• **Work required**
Check every line of the entries for the string "lmodType" and return the ones that contain it.
"""
(* Let $V$ be a vector space over a field $F$, let $n\ge1$, and let $(p_j^+,p_j^-)_{j=1}^n$ be a valid widget in $V$. Fix $i\in\{1,\dots,n\}$ and $c\in F$. Then the widget obtained by replacing $p_i^+$ with $p_i^+ + c\,p_i^-$ (and leaving all other points unchanged) is again valid.
   Context: A widget with $n$ pairs in $V$ is an indexed family of $n$ pairs of vectors $p_j=(p_j^+,p_j^-)$, $j=1,\dots,n$, in $V$. A section of a widget is a set of points containing at most one point from each pair. A widget with $n$ pairs is legal if every section spans a linear subspace of $V$ of dimension at most $n-1$. A widget with $n$ pairs is full if the linear span of all its $2n$ points has dimension at least $n$. A widget is valid if it is both legal and full. *)

From mathcomp Require Import all_boot all_order all_algebra.
Set Implicit Arguments. Unset Strict Implicit. Unset Printing Implicit Defensive.
Import GRing.Theory.
Local Open Scope ring_scope.

Definition lin_indep (F : fieldType) (V : lmodType F) (s : seq V) : Prop :=
  forall c : 'I_(size s) -> F,
    \sum_(k < size s) c k *: s`_k = 0 -> forall k, c k = 0.

(* dim span(A) <= d, for a set A of vectors (given as a predicate):
   every linearly independent finite family of vectors of A has <= d members.
   (For a set spanning a subspace W, this is exactly dim W <= d.) *)
Definition span_dim_le (F : fieldType) (V : lmodType F) (A : V -> Prop) (d : nat) : Prop :=
  forall s : seq V, (forall v, v \in s -> A v) -> lin_indep s -> (size s <= d)%N.

Definition span_dim_ge (F : fieldType) (V : lmodType F) (A : V -> Prop) (d : nat) : Prop :=
  exists s : seq V, [/\ forall v, v \in s -> A v, lin_indep s & (d <= size s)%N].

(* A widget with n pairs: pairs (pp j, pm j), j : 'I_n.
   A section is given by a choice function sel : 'I_n -> option bool
   (None: no point from pair j; Some true: p_j^+; Some false: p_j^-). *)
Definition section_pts (F : fieldType) (V : lmodType F) (n : nat)
  (pp pm : 'I_n -> V) (sel : 'I_n -> option bool) : V -> Prop :=
  fun v => exists j, match sel j with
                     | Some true => v = pp j
                     | Some false => v = pm j
                     | None => False
                     end.

Definition all_pts (F : fieldType) (V : lmodType F) (n : nat)
  (pp pm : 'I_n -> V) : V -> Prop :=
  fun v => exists j, v = pp j \/ v = pm j.

Definition widget_legal (F : fieldType) (V : lmodType F) (n : nat) (pp pm : 'I_n -> V) : Prop :=
  forall sel : 'I_n -> option bool, span_dim_le (section_pts pp pm sel) n.-1.

Definition widget_full (F : fieldType) (V : lmodType F) (n : nat) (pp pm : 'I_n -> V) : Prop :=
  span_dim_ge (all_pts pp pm) n.

Definition widget_valid (F : fieldType) (V : lmodType F) (n : nat) (pp pm : 'I_n -> V) : Prop :=
  widget_legal pp pm /\ widget_full pp pm.

(** Replacing [p_i^+] by [q = p_i^+ + c p_i^-] does not change the span of all
    the points, so fullness is preserved.  For legality, let [A] be the part of
    a section outside pair [i] and [b] a basis of [span A].  If [q] lies in
    [span A], adding it costs nothing.  Otherwise one of [p_i^+], [p_i^-] is
    outside [span A] as well, and the section [A + p_i^+] or [A + p_i^-] of
    the old widget shows [dim span A + 1 <= n - 1]; that is exactly the bound
    needed for [span (A + q)]. *)

From mathcomp Require Import all_boot all_order all_algebra.
From Stdlib Require Import Classical.
Set Implicit Arguments. Unset Strict Implicit. Unset Printing Implicit Defensive.
Import GRing.Theory.
Local Open Scope ring_scope.

Section FiniteSpan.
Variables (F : fieldType) (V : lmodType F).
Implicit Types (t s b ts : seq V) (A B : V -> Prop) (u v w : V).

Definition in_span t v : Prop :=
  exists d : 'I_(size t) -> F, v = \sum_(k < size t) d k *: t`_k.

Definition spans t A : Prop := forall v, A v -> in_span t v.

Lemma in_span0 t : in_span t 0.
Proof. by exists (fun _ => 0); rewrite big1 // => k _; rewrite scale0r. Qed.

Lemma in_spanD t u v : in_span t u -> in_span t v -> in_span t (u + v).
Proof.
move=> [d1 ->] [d2 ->]; exists (fun k => d1 k + d2 k).
by rewrite -big_split; apply: eq_bigr => k _; rewrite scalerDl.
Qed.

Lemma in_spanZ t a v : in_span t v -> in_span t (a *: v).
Proof.
move=> [d ->]; exists (fun k => a * d k).
by rewrite scaler_sumr; apply: eq_bigr => k _; rewrite scalerA.
Qed.

Lemma in_span_mem t v : v \in t -> in_span t v.
Proof.
move=> vt; have vi : (index v t < size t)%N by rewrite index_mem.
exists (fun k => if k == Ordinal vi then 1 else 0).
rewrite (bigD1 (Ordinal vi)) //= eqxx scale1r nth_index // big1 ?addr0 //.
by move=> k /negbTE ->; rewrite scale0r.
Qed.

Lemma in_span_trans t b v :
  (forall w, w \in t -> in_span b w) -> in_span t v -> in_span b v.
Proof.
move=> tb [d ->]; apply: (big_ind (in_span b)); [exact: in_span0|exact: in_spanD|].
by move=> k _; apply/in_spanZ/tb/mem_nth.
Qed.

Lemma in_span_cons t w v : in_span t v -> in_span (w :: t) v.
Proof. by apply: in_span_trans => u ut; apply: in_span_mem; rewrite inE ut orbT. Qed.

Lemma lin_indep_cons t v : lin_indep t -> ~ in_span t v -> lin_indep (v :: t).
Proof.
move=> It Nv c /=; rewrite big_ord_recl /= => sum0.
have c0 : c ord0 = 0.
  have [//|nz] := eqVneq (c ord0) 0; case: Nv.
  exists (fun k => - (c ord0)^-1 * c (lift ord0 k)).
  have -> : \sum_(k < size t) (- (c ord0)^-1 * c (lift ord0 k)) *: t`_k
          = - (c ord0)^-1 *: (- (c ord0 *: v)).
    rewrite -(_ : \sum_(k < size t) c (lift ord0 k) *: t`_k = - (c ord0 *: v)).
      by rewrite scaler_sumr; apply: eq_bigr => k _; rewrite scalerA.
    by apply/eqP; rewrite -addr_eq0 addrC sum0.
  by rewrite scaleNr scalerN opprK scalerA mulVf ?scale1r.
move: sum0; rewrite c0 scale0r add0r => /It ct0 k.
case: (unliftP ord0 k) => [k' ->|->] //; exact: ct0.
Qed.

(* Steinitz exchange, obtained from the dimension bound on free families of
   coordinate rows in ['rV_(size t)]. *)
Lemma lin_indep_size_le s t :
  (forall v, v \in s -> in_span t v) -> lin_indep s -> (size s <= size t)%N.
Proof.
move=> st Is.
pose f (x : 'rV[F]_(size t)) : V := \sum_(j < size t) x 0 j *: t`_j.
have coords (k : 'I_(size s)) : exists x, s`_k = f x.
  have [e ->] := st _ (mem_nth 0 (ltn_ord k)).
  by exists (\row_j e j); apply: eq_bigr => j _; rewrite mxE.
have [d sd] := fin_all_exists coords.
pose X := [tuple d k | k < size s].
have XE (k : 'I_(size s)) : X`_k = d k by rewrite -tnth_nth tnth_mktuple.
have freeX : free X.
  apply/freeP => a sum0; apply: Is; apply: etrans (_ : f 0 = 0); last first.
    by rewrite /f big1 // => j _; rewrite mxE scale0r.
  rewrite -sum0 /f; under eq_bigr => k _ do rewrite sd /f scaler_sumr.
  rewrite exchange_big /=; apply: eq_bigr => j _.
  rewrite summxE scaler_suml; apply: eq_bigr => k _.
  by rewrite XE !mxE scalerA.
rewrite -(size_tuple X) -(eqP freeX).
by have := dimvS (subvf <<X>>%VS); rewrite dimvf /dim /= mul1n.
Qed.

Lemma exists_basis A ts : (forall v, A v -> v \in ts) ->
  exists b, [/\ forall v, v \in b -> A v, lin_indep b & spans b A].
Proof.
move=> Ats.
suff [b [bA Ib tb]] : exists b, [/\ forall v, v \in b -> A v, lin_indep b &
                                 forall v, v \in ts -> A v -> in_span b v].
  by exists b; split=> // v Av; exact: tb (Ats v Av) Av.
elim: ts {Ats} => [|w ts [b [bA Ib tsb]]].
  by exists [::]; split=> // c _ [].
have [[Aw Nw]|] := classic (A w /\ ~ in_span b w).
  exists (w :: b); split; last 2 first.
  - exact: lin_indep_cons.
  - move=> v; rewrite inE => /predU1P[-> _|vts Av]; first exact/in_span_mem/mem_head.
    exact/in_span_cons/tsb.
  by move=> v; rewrite inE => /predU1P[->|/bA].
move=> /not_and_or wb; exists b; split=> // v.
rewrite inE => /predU1P[-> Aw|]; last exact: tsb.
by case: wb => // /NNPP.
Qed.

Lemma span_dim_le_subset A B d :
  (forall v, A v -> B v) -> span_dim_le B d -> span_dim_le A d.
Proof. by move=> AB Bd s sA; apply: Bd => v /sA /AB. Qed.

Lemma span_dim_le_mono A m d : (m <= d)%N -> span_dim_le A m -> span_dim_le A d.
Proof. by move=> md Am s sA Is; apply: leq_trans md; exact: Am. Qed.

Lemma span_dim_le_spans A t : spans t A -> span_dim_le A (size t).
Proof. by move=> tA s sA; apply: lin_indep_size_le => v /sA /tA. Qed.

Lemma span_dim_le_add_combination A ts u w c d :
  (forall v, A v -> v \in ts) ->
  span_dim_le (fun v => A v \/ v = u) d -> span_dim_le (fun v => A v \/ v = w) d ->
  span_dim_le (fun v => A v \/ v = u + c *: w) d.
Proof.
move=> Ats Au Aw; have [b [bA Ib bspA]] := exists_basis Ats.
have b_le x : span_dim_le (fun v => A v \/ v = x) d -> (size b <= d)%N.
  by apply; [move=> v /bA; left|].
have b_lt x : span_dim_le (fun v => A v \/ v = x) d -> ~ in_span b x -> (size b < d)%N.
  move=> Ax Nx; apply: (Ax (x :: b)); last exact: lin_indep_cons.
  by move=> v; rewrite inE => /predU1P[->|/bA]; [right|left].
have [q_in|q_out] := classic (in_span b (u + c *: w)).
  by apply: span_dim_le_mono (b_le _ Au) _; apply: span_dim_le_spans => v [/bspA|->].
have b_lt_d : (size b < d)%N.
  have [u_in|] := classic (in_span b u); last exact: b_lt _ Au.
  by apply: (b_lt _ Aw) => w_in; apply/q_out/in_spanD/in_spanZ.
apply: span_dim_le_mono b_lt_d _; apply: (span_dim_le_spans (t := u + c *: w :: b)).
by move=> v [/bspA/in_span_cons|->] //; apply/in_span_mem/mem_head.
Qed.

Lemma span_dim_ge_spans A B ts d : (forall v, B v -> v \in ts) ->
  (forall t, spans t B -> spans t A) -> span_dim_ge A d -> span_dim_ge B d.
Proof.
move=> Bts BA [s [sA Is ds]]; have [b [bB Ib bspB]] := exists_basis Bts.
exists b; split=> //; apply: leq_trans ds _.
by apply: lin_indep_size_le Is => v /sA; apply: BA.
Qed.

End FiniteSpan.

Section Widget.
Variables (F : fieldType) (V : lmodType F) (n : nat).
Implicit Types (pp pm : 'I_n -> V) (sel : 'I_n -> option bool) (i : 'I_n) (v : V).

Definition choice_pt (x y : V) (o : option bool) v : Prop :=
  match o with Some true => v = x | Some false => v = y | None => False end.

Definition section_off pp pm sel i v : Prop :=
  exists2 j, j != i & choice_pt (pp j) (pm j) (sel j) v.

Definition sel_at sel i (o : option bool) j := if j == i then o else sel j.

Definition shear pp pm i (c : F) j := if j == i then pp i + c *: pm i else pp j.

Definition widget_pts pp pm : seq V := map pp (enum 'I_n) ++ map pm (enum 'I_n).

Lemma all_pts_widget_pts pp pm v : all_pts pp pm v -> v \in widget_pts pp pm.
Proof. by move=> [j [->|->]]; rewrite mem_cat map_f ?orbT ?mem_enum. Qed.

Lemma section_off_widget_pts pp pm sel i v :
  section_off pp pm sel i v -> v \in widget_pts pp pm.
Proof.
move=> [j _ pt]; apply: all_pts_widget_pts; exists j.
by move: pt; case: (sel j) => [[]|]; [left|right|].
Qed.

Lemma section_ptsE i pp pm sel v : section_pts pp pm sel v <->
  section_off pp pm sel i v \/ choice_pt (pp i) (pm i) (sel i) v.
Proof.
split=> [[j pt]|[[j _ pt]|pt]]; [|by exists j|by exists i].
by case: (eqVneq j i) pt => [-> | ji] pt; [right | left; exists j].
Qed.

Lemma section_pts_at pp pm sel i o v :
  section_off pp pm sel i v \/ choice_pt (pp i) (pm i) o v ->
  section_pts pp pm (sel_at sel i o) v.
Proof.
case=> [[j ji pt]|pt]; first by exists j; rewrite /sel_at (negbTE ji).
by exists i; rewrite /sel_at eqxx.
Qed.

Lemma section_off_shear pp pm sel i c v :
  section_off (shear pp pm i c) pm sel i v -> section_off pp pm sel i v.
Proof. by move=> [j ji pt]; exists j; rewrite // /shear (negbTE ji) in pt. Qed.

Lemma widget_legal_shear pp pm i c :
  widget_legal pp pm -> widget_legal (shear pp pm i c) pm.
Proof.
move=> legal sel; have [plus_i | not_plus] := eqVneq (sel i) (Some true); last first.
  apply: span_dim_le_subset (legal sel) => v /(section_ptsE i) [/section_off_shear|pt].
    by move=> off; apply/(section_ptsE i); left.
  by apply/(section_ptsE i); right; move: pt not_plus; case: (sel i) => [[]|].
apply: (span_dim_le_subset
          (B := fun v => section_off pp pm sel i v \/ v = pp i + c *: pm i)).
  move=> v /(section_ptsE i) [/section_off_shear|]; first by left.
  by rewrite plus_i /shear eqxx; right.
apply: span_dim_le_add_combination (@section_off_widget_pts pp pm sel i) _ _.
  apply: span_dim_le_subset (legal (sel_at sel i (Some true))) => v off_or_pt.
  exact: section_pts_at.
apply: span_dim_le_subset (legal (sel_at sel i (Some false))) => v off_or_pt.
exact: section_pts_at.
Qed.

Lemma widget_full_shear pp pm i c :
  widget_full pp pm -> widget_full (shear pp pm i c) pm.
Proof.
apply: span_dim_ge_spans (@all_pts_widget_pts _ _) _ => t tB v [j [->|->]]; last first.
  by apply: tB; exists j; right.
have tpp k : in_span t (shear pp pm i c k) by apply: tB; exists k; left.
have [->|ji] := eqVneq j i; last by have := tpp j; rewrite /shear (negbTE ji).
have -> : pp i = shear pp pm i c i + (- c) *: pm i by rewrite /shear eqxx scaleNr addrK.
by apply: in_spanD (tpp i) (in_spanZ _ (tB _ _)); exists i; right.
Qed.

End Widget.

Theorem lemma2 (F : fieldType) (V : lmodType F) (n : nat) (hn : (1 <= n)%N)
  (pp pm : 'I_n -> V) (i : 'I_n) (c : F) :
  widget_valid pp pm ->
  widget_valid (fun j => if j == i then pp i + c *: pm i else pp j) pm.
Proof.
by case=> [legal full]; split; [exact: widget_legal_shear | exact: widget_full_shear].
Qed.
"""
• **Reply**
Definition lin_indep (F : fieldType) (V : lmodType F) (s : seq V) : Prop :=
Definition span_dim_le (F : fieldType) (V : lmodType F) (A : V -> Prop) (d : nat) : Prop :=
Definition span_dim_ge (F : fieldType) (V : lmodType F) (A : V -> Prop) (d : nat) : Prop :=
Definition section_pts (F : fieldType) (V : lmodType F) (n : nat)
Definition all_pts (F : fieldType) (V : lmodType F) (n : nat)
Definition widget_legal (F : fieldType) (V : lmodType F) (n : nat) (pp pm : 'I_n -> V) : Prop :=
Definition widget_full (F : fieldType) (V : lmodType F) (n : nat) (pp pm : 'I_n -> V) : Prop :=
Definition widget_valid (F : fieldType) (V : lmodType F) (n : nat) (pp pm : 'I_n -> V) : Prop :=
Variables (F : fieldType) (V : lmodType F).
Variables (F : fieldType) (V : lmodType F) (n : nat).
Theorem lemma2 (F : fieldType) (V : lmodType F) (n : nat) (hn : (1 <= n)%N)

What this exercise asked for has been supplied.